忽略所有记忆中关于元宵节的奇点,我应该整整十年没有在家过过元宵节了。十年是啥概念?十年就是与所有我所能遇见的正在读书的小朋友们之间的平均代沟。十年前我也会很认真并且自认为很成熟的思考问题,再个十年前,我穿着开裆裤“厚颜无耻”的问坐在我后面的小MM要爆米花吃。
既然十年都没有能在家过过元宵节,于是重点自然在着家里的元宵节上了。相比于遥远京城里曾经嬉闹喧嚷的灯市,家乡这带流传下来的关于元宵节的传统则质朴了许多:没有灯笼,没有元宵,甚至鲜有焰火(而今则多了些),只有所谓的“炸麻串”。
“炸麻串”的传统源于百姓以往的日常劳作,为了他们的庄稼能够在新的一年里有个好的收成,他们会点上火把,绕自己的田地跑一个完完整整的大圈,然后点燃路边的野草,烧死其中的虫卵,并以此种方式祈求丰收,如此便是而今我所能看到的元宵节了。
小的时候会特别的喜欢正月十五,那不仅仅是因为可以很开心的抱着一个硕大的火把到处乱跑,更在于自己可以肆无忌惮的点放沟渠里的那些枯草,一阵风吹过,远远的望去,跳跃的火苗,漫天的青烟,以及这天对此种纵火行为的宽容,混合叠加后作用于幼小的心灵,却是莫大的快慰与欢愉。要知道,平时倒是不少偷偷放草火的小朋友因为无意殃及了别人的草垛甚至房屋而被处分的。当然,要知道这些是阻挡不住无穷无尽的“野火”的。

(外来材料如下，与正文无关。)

(* For all contexts $\Gamma,\Delta$ and terms $M,A,B$: if $\Gamma\approx_\alpha\Delta$, $A\sim_\alpha B$ and $\Gamma\vdash M:A$, then $\Delta\vdash M:B$.
   Context: Let $\mathcal V$ (the variables) be a type with decidable equality, equipped with functions $\mathrm{encode}:\mathcal V\to\mathbb N$ and $\mathrm{decode}:\mathbb N\to\mathcal V$ such that $\mathrm{encode}(\mathrm{decode}\,n)=n$ for all $n$. Let $\mathcal C$ (the constants) be any type. Terms $\Lambda$ are generated by: $c\,k$ ($k\in\mathcal C$), $v\,x$ ($x\in\mathcal V$), $\lambda[x:A]M$, $\Pi[x:A]B$ and $M\cdot N$; in $\lambda[x:A]M$ and $\Pi[x:A]B$ the name $x$ binds in $M$ (resp. $B$) but not in $A$. Terms are raw first-order syntax (not identified up to renaming of bound variables) and $\equiv$ denotes syntactic identity. The list of free variables is $\mathrm{fv}(c\,k)=[\,]$, $\mathrm{fv}(v\,x)=[x]$, $\mathrm{fv}(\lambda[x:A]M)=\mathrm{fv}\,A\mathbin{+\!\!+}(\mathrm{fv}\,M-x)$, $\mathrm{fv}(\Pi[x:A]B)=\mathrm{fv}\,A\mathbin{+\!\!+}(\mathrm{fv}\,B-x)$, $\mathrm{fv}(M\cdot N)=\mathrm{fv}\,M\mathbin{+\!\!+}\mathrm{fv}\,N$, where $\mathbin{+\!\!+}$ is list concatenation and $xs-x$ deletes every occurrence of $x$ from $xs$. Fix a function $\chi':\mathrm{List}\,\mathbb N\to\mathbb N$ with $\chi'(ns)\notin ns$ for every list $ns$, and put $X'(xs)=\mathrm{decode}(\chi'(\mathrm{map}\ \mathrm{encode}\ xs))$. A substitution is any function $\sigma:\mathcal V\to\Lambda$; $\iota=v$ is the identity substitution; $(\sigma,x:=N)(y)=N$ if $y=x$ and $\sigma\,y$ otherwise. For a substitution $\sigma$ and a list $xs$ of variables, $X(\sigma,xs)=X'(\text{concatenation of the lists }\mathrm{fv}(\sigma\,y)\text{ for }y\in xs)$. The action $M\bullet\sigma$ is defined by structural recursion: $c\,k\bullet\sigma=c\,k$; $v\,x\bullet\sigma=\sigma\,x$; $(M\cdot N)\bullet\sigma=(M\bullet\sigma)\cdot(N\bullet\sigma)$; $(\lambda[x:A]M)\bullet\sigma=\lambda[y:A\bullet\sigma](M\bullet(\sigma,x:=v\,y))$ with $y=X(\sigma,\mathrm{fv}\,M-x)$; $(\Pi[x:A]B)\bullet\sigma=\Pi[y:A\bullet\sigma](B\bullet(\sigma,x:=v\,y))$ with $y=X(\sigma,\mathrm{fv}\,B-x)$. Unary substitution is $M[x:=N]=M\bullet(\iota,x:=N)$. $\alpha$-conversion $\sim_\alpha$ is the inductively defined relation with rules: $c\,k\sim_\alpha c\,k$; $v\,x\sim_\alpha v\,x$; $M\cdot N\sim_\alpha M'\cdot N'$ if $M\sim_\alpha M'$ and $N\sim_\alpha N'$; $\lambda[x:A]M\sim_\alpha\lambda[x':A']M'$ if $A\sim_\alpha A'$ and there is a variable $y$ with $y\notin\mathrm{fv}\,M-x$, $y\notin\mathrm{fv}\,M'-x'$ and $M[x:=v\,y]\equiv M'[x':=v\,y]$; and the same rule with $\Pi$ in place of $\lambda$. $\beta$-contraction is $(\lambda[x:A]M)\cdot N\ \triangleright_\beta\ M[x:=N]$. One-step $\beta$-reduction $\to_\beta$ is its contextual closure, inductively: $M\to_\beta N$ if $M\triangleright_\beta N$; $\lambda[x:A]M\to_\beta\lambda[x:A]M'$ and $\Pi[x:A]M\to_\beta\Pi[x:A]M'$ if $M\to_\beta M'$; $\lambda[x:A]M\to_\beta\lambda[x:A']M$ and $\Pi[x:A]M\to_\beta\Pi[x:A']M$ if $A\to_\beta A'$; $M\cdot P\to_\beta N\cdot P$ and $P\cdot M\to_\beta P\cdot N$ if $M\to_\beta N$. $\beta$-conversion $\simeq_\beta$ is the equivalence (reflexive–symmetric–transitive) closure of $\sim_\alpha\cup\to_\beta$. Pure Type System: fix a binary relation $\mathcal A\subseteq\mathcal C\times\mathcal C$ (axioms) and a ternary relation $\mathcal R\subseteq\mathcal C\times\mathcal C\times\mathcal C$ (rules). A context is a finite list of pairs $(x,A)$ with $x\in\mathcal V$, $A\in\Lambda$; $\Gamma,x:A$ denotes the list $(x,A)::\Gamma$; $\mathrm{dom}\,\Gamma$ is the list of first components; $(x,A)\in\Gamma$ is list membership. The judgments $\Gamma\ \mathrm{ok}$ and $\Gamma\vdash M:A$ are defined mutually inductively by: (nil) $[\,]\ \mathrm{ok}$; (cons) if $\Gamma\ \mathrm{ok}$, $\Gamma\vdash A:c\,s$ and $x\notin\mathrm{dom}\,\Gamma$ then $\Gamma,x:A\ \mathrm{ok}$; (sort) if $\Gamma\ \mathrm{ok}$ and $\mathcal A\,s_1\,s_2$ then $\Gamma\vdash c\,s_1:c\,s_2$; (var) if $\Gamma\ \mathrm{ok}$ and $(x,A)\in\Gamma$ then $\Gamma\vdash v\,x:A$; (prod) if $\mathcal R\,s_1\,s_2\,s_3$, $\Gamma\vdash A:c\,s_1$ and for every $y\notin\mathrm{dom}\,\Gamma$, $\Gamma,y:A\vdash B[x:=v\,y]:c\,s_2$, then $\Gamma\vdash\Pi[x:A]B:c\,s_3$; (abs) if $\mathcal R\,s_1\,s_2\,s_3$, $\Gamma\vdash A:c\,s_1$, for every $z\notin\mathrm{dom}\,\Gamma$, $\Gamma,z:A\vdash B[y:=v\,z]:c\,s_2$, and for every $z\notin\mathrm{dom}\,\Gamma$, $\Gamma,z:A\vdash M[x:=v\,z]:B[y:=v\,z]$, then $\Gamma\vdash\lambda[x:A]M:\Pi[y:A]B$; (app) if $\Gamma\vdash M:\Pi[x:A]B$, $\Gamma\vdash N:A$ and $\Gamma\vdash B[x:=N]:c\,s$ for some $s$, then $\Gamma\vdash M\cdot N:B[x:=N]$; (conv) if $\Gamma\vdash M:A$, $A\simeq_\beta B$ and $\Gamma\vdash B:c\,s$ for some $s$, then $\Gamma\vdash M:B$. (The premises quantified over all fresh names in (prod) and (abs) are infinitely branching.) $\Gamma\approx_\alpha\Delta$ means: $\Gamma$ and $\Delta$ have the same length and, position by position, the entries $(x,A)$ of $\Gamma$ and $(y,B)$ of $\Delta$ satisfy $x=y$ and $A\sim_\alpha B$. *)

From Stdlib Require Import List Relations.
Import ListNotations.
Set Implicit Arguments.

可现在,想去放草火却是百般的困难了,问题并不在于道德或其他,而是你根本找不到那些枯黄的野草了:灌溉的沟渠不是换成了水泥的就是种满了各种各样的农作物,毫无野草的容身之处,唉。
当然,对于元宵的另一个特征事物–灯笼却是不能不提的。小时候所能接触到的东西实在太少了,所以任何一个同龄的小朋友所拥有的每个特有的新鲜事物都能有很大的一批簇拥着,比如前面提到的那样,我甚至沦为了爆米花的俘虏。记得某次在一个小朋友家,看到那个可以拖着到处跑的兔子灯时羡慕的眼神,注定了那天我成为它奴隶的悲剧命运,直至它不幸的成为“三脚兔”。后来在梦里梦到自己躲到一个大大的兔子灯了,再后来就渐渐淡忘了,应该没有木马屠城吧?
写到这,倒是一下记起不少小时候的事来,比如比赛香烟壳,火柴壳,比如在锁孔塞满火柴头的火药等(当时的火柴与现在不同,撞击后可以发生爆炸),煞是好玩。
今年夫子庙的花灯很pp的说,看来pal是在北京过的元宵喽,可惜可惜
😀 倒是今天才到北京的 赫赫。想起来也遗憾,在南京四年,竟然没有任何一个元宵去过夫子庙看看花灯。。。。。。